KDWB-FM 101.3 Minneapolis MN Jack Hicks 1983

Here’s a quick listen of KDWB-FM during it’s final days as an AOR outlet.  The station would soon revert back to it’s previous CHR format.  But unlike most format changes which occur abruptly and completely, 101’s flip took place gradually over a period of several months.  Here, they are what I always called “half and half.”  The music is still AOR tracks and album cuts.  But the formatics are now CHR with jingles and…*gasp*…talking over the record intros!  Notice also that the “Stereo 101” moniker has been dropped.  The station is now “Rock Radio, Twin Cities 101.”

Jack Hicks did afternoons on KDWB-FM.  He was preceeded by Hal Hoover and followed by Domino Rippey.  This is “classic Jack”, playing the tunes and having a good time.  Laid back, but not sleepy or boring.  I’ve always thought that 101’s airstaff was superior to (arch rival) KQ’s during this era.  Fortunately, Jack is still behind the microphone.  Today, he does mornings with Melissa Carlson and programs KLLZ-FM (“Z-99”) in Bemidji. 

I recorded this just 2 days before I left home for my first radio job in Colorado.  Being the true radio geek that I am, I wanted to roll tape one final time on my favorite local station.  The big Winegard antenna system had already been dismantled, but it wasn’t needed for 101’s short hop from the IDS to Apple Valley.  My Pioneer SX-3900, Technics cassette deck, and TDK D90 tape were used to produce this recording.  Approximate time is from 7:15-8:00PM.

Near the end of this aircheck, you will hear the late Domino Rippey do the 8:00 Legal ID.

5 thoughts on “KDWB-FM 101.3 Minneapolis MN Jack Hicks 1983

  1. Jon

    Hey Drew,

    When did Domino pass away?

  2. Drew Post author

    Hi Jon,

    Not sure on this, so I’ve asked a few “experts.” I’ll let you know what I find out.

  3. Jack Hicks


    Thanks for posting the aircheck. It brings back memories. It’s a little bit “sped up” but other than the higher pitch it’s really a nice sounding recording. It was weird at the time, because we were rockers and didn’t like the jingles, and the “Rock Radio” thing. I remember going from Judas Priest into Kenny Rogers/Dolly Parton “Islands in the Stream.”

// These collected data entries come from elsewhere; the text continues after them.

Theorem theorem5p1 (v : idx -> pt) (w : R) (F : idx -> bool) (r : R) :
  nondegenerate v ->
  allowed v w F ->
  same_type F ->
  inradius v r ->
  w / 2 <= r.
Proof.
  intros Hnd [Hw [Himm [c [Hc HF]]]] [S1 S2] [a0 [a1 [a2 [h0 [h1 [h2 [hs Hdist]]]]]]].
  destruct (Rle_lt_dec (w / 2) r) as [Hle | Hr]; [exact Hle | exfalso].
  set (o := bary a0 a1 a2 (v I0) (v I1) (v I2)).
  assert (Ho := fun i => bary_at_vertex v a0 a1 a2 i h0 h1 h2 hs).
  pose proof (incenter_double_pt v w r o Hnd Hw Ho Hdist Hr) as D.
  pose proof (incenter_crossing v w r c F o Hnd Hw Himm Hc HF Ho Hdist Hr) as C.
  apply (crossing_info_no_cycle v w c (I1, o) (I0, o) (I2, o) Hc (D I1) (D I0) (D I2)).
  - rewrite (C I1 : c (I1, o) (I0, o) = _), (C I0 : c (I0, o) (I2, o) = _), S1; reflexivity.
  - rewrite (C I0 : c (I0, o) (I2, o) = _), (C I2 : c (I2, o) (I1, o) = _), S1, S2;
      reflexivity.
Qed.
Lemma club_and (A B : T -> Prop) : club lt A -> club lt B -> club lt (fun x => A x /\ B x).
Proof.
  intros HA HB. split.
  - intros g Hg. split; [apply HA | apply HB]; eapply limit_point_mono; eauto; now intros x [].
  - intros b. destruct Hinh as [t0].
    destruct (exists_gt t0) as [t1 h01]. destruct (exists_gt t1) as [z h1z].
    set (AB := fun e x => (e = t0 -> A x) /\ (e <> t0 -> B x)).
    destruct (exists_common_limit_point (fun e => e = t0 \/ e = t1) z AB) with (b0 := b)
      as [g [hg Hg]].
    + intros e [-> | ->]; eauto using lt_trans.
    + intros e _ b'. destruct (classic (e = t0)) as [He|He].
      * destruct (proj2 HA b') as [x [Ax hx]]. exists x. split; [split|]; tauto.
      * destruct (proj2 HB b') as [x [Bx hx]]. exists x. split; [split|]; tauto.
    + exists g. split; auto. split.
      * apply HA, (limit_point_mono (AB t0)); [|apply Hg; auto]. intros x [Hx _]. auto.
      * apply HB, (limit_point_mono (AB t1)); [|apply Hg; auto]. intros x [_ Hx].
        apply Hx. intros ->. exact (lt_irrefl _ h01).
Qed.

Lemma club_limit_points (E : T -> Prop) : club lt E -> club lt (limit_point lt E).
Proof.
  intros HE. split.
  - intros g [[a [[[x [Ex hx]] _] ha]] Hlim]. split.
    + exists x. eauto using lt_trans.
    + intros b hb. destruct (Hlim b hb) as [a' [[_ Ha'] [h1 h2]]].
      destruct (Ha' b h1) as [y [Ey [h3 h4]]]. exists y. eauto using lt_trans.
  - intros b. destruct (exists_gt b) as [z hz].
    destruct (exists_common_limit_point (fun e => e = b) z (fun _ => E)) with (b0 := b)
      as [g [hg Hg]].
    + now intros e ->.
    + intros e _. apply HE.
    + exists g. split; auto. now apply (Hg b).
Qed.
End Clubs.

    Anyway, Domino died about 4 years ago from Lung Cancer. I got to see him at his place in Missouri not long after he got the news.

  4. Steve O.

    Sorry to hear about Domino. He was a fine man. He was just a couple years older than me. I was on air mate of his on the station. I was among the original group, hired, in July, 1979. Management needed an entire jock lineup due to their spitting the simulcast of KDWB AM & FM. They had some great numbers as a Top 40 station, and they had an advantage over the competition because they simulcast, thus 2 stations on AM, one FM. FCC mandated they split. They continued with the format on AM. We were switching to Rock, to try to cut into KQ’s audience. The problem was while the program director – David Thompson – introduced KDWB FM as a rock station (First song played was The Cars “Let the good times roll”) followed by Led Zeppelin “All of my love” we would play something totally out of character, like Eddie Rabbitt or the Commodores and some mush. In other words, the listeners that were left were probably going, “WHAT THE —- IS THIS?” Thompson was fired in December and Dave Hamilton took the PD position in Jan. 1980. Yup, that Dave Hamilton. He was 23 years old. I just remember thinking, “Wow. We are rocking for real”! In Arbitron, we debuted with a 5.2 share. Up from a 2.4, pre-Hamilton. We were essentially tied with KQ. Totally took their mojo. Dave sent their PD a dozen black roses. We called ourselves, “The Twin Cities Rockin’ BEST”. I have some air checks. I’ll post one soon.

  5. Drew Post author

    Hello, Steve Oliver! I was 15 when “K101” debuted. Pretty excited to have a second rock station to listen to. Zeppelin’s “In Through the Out Door” was released that fall and it was just as you described: “All of My Love” into some cheesy leftover from the Top 40 playlist. KQRS wasn’t great in those days since they were running Lee Abrams’ ultra-safe “Superstars” format. Even as a high sophomore, I remember thinking “These guys need to rock harder if they want to beat KQ!”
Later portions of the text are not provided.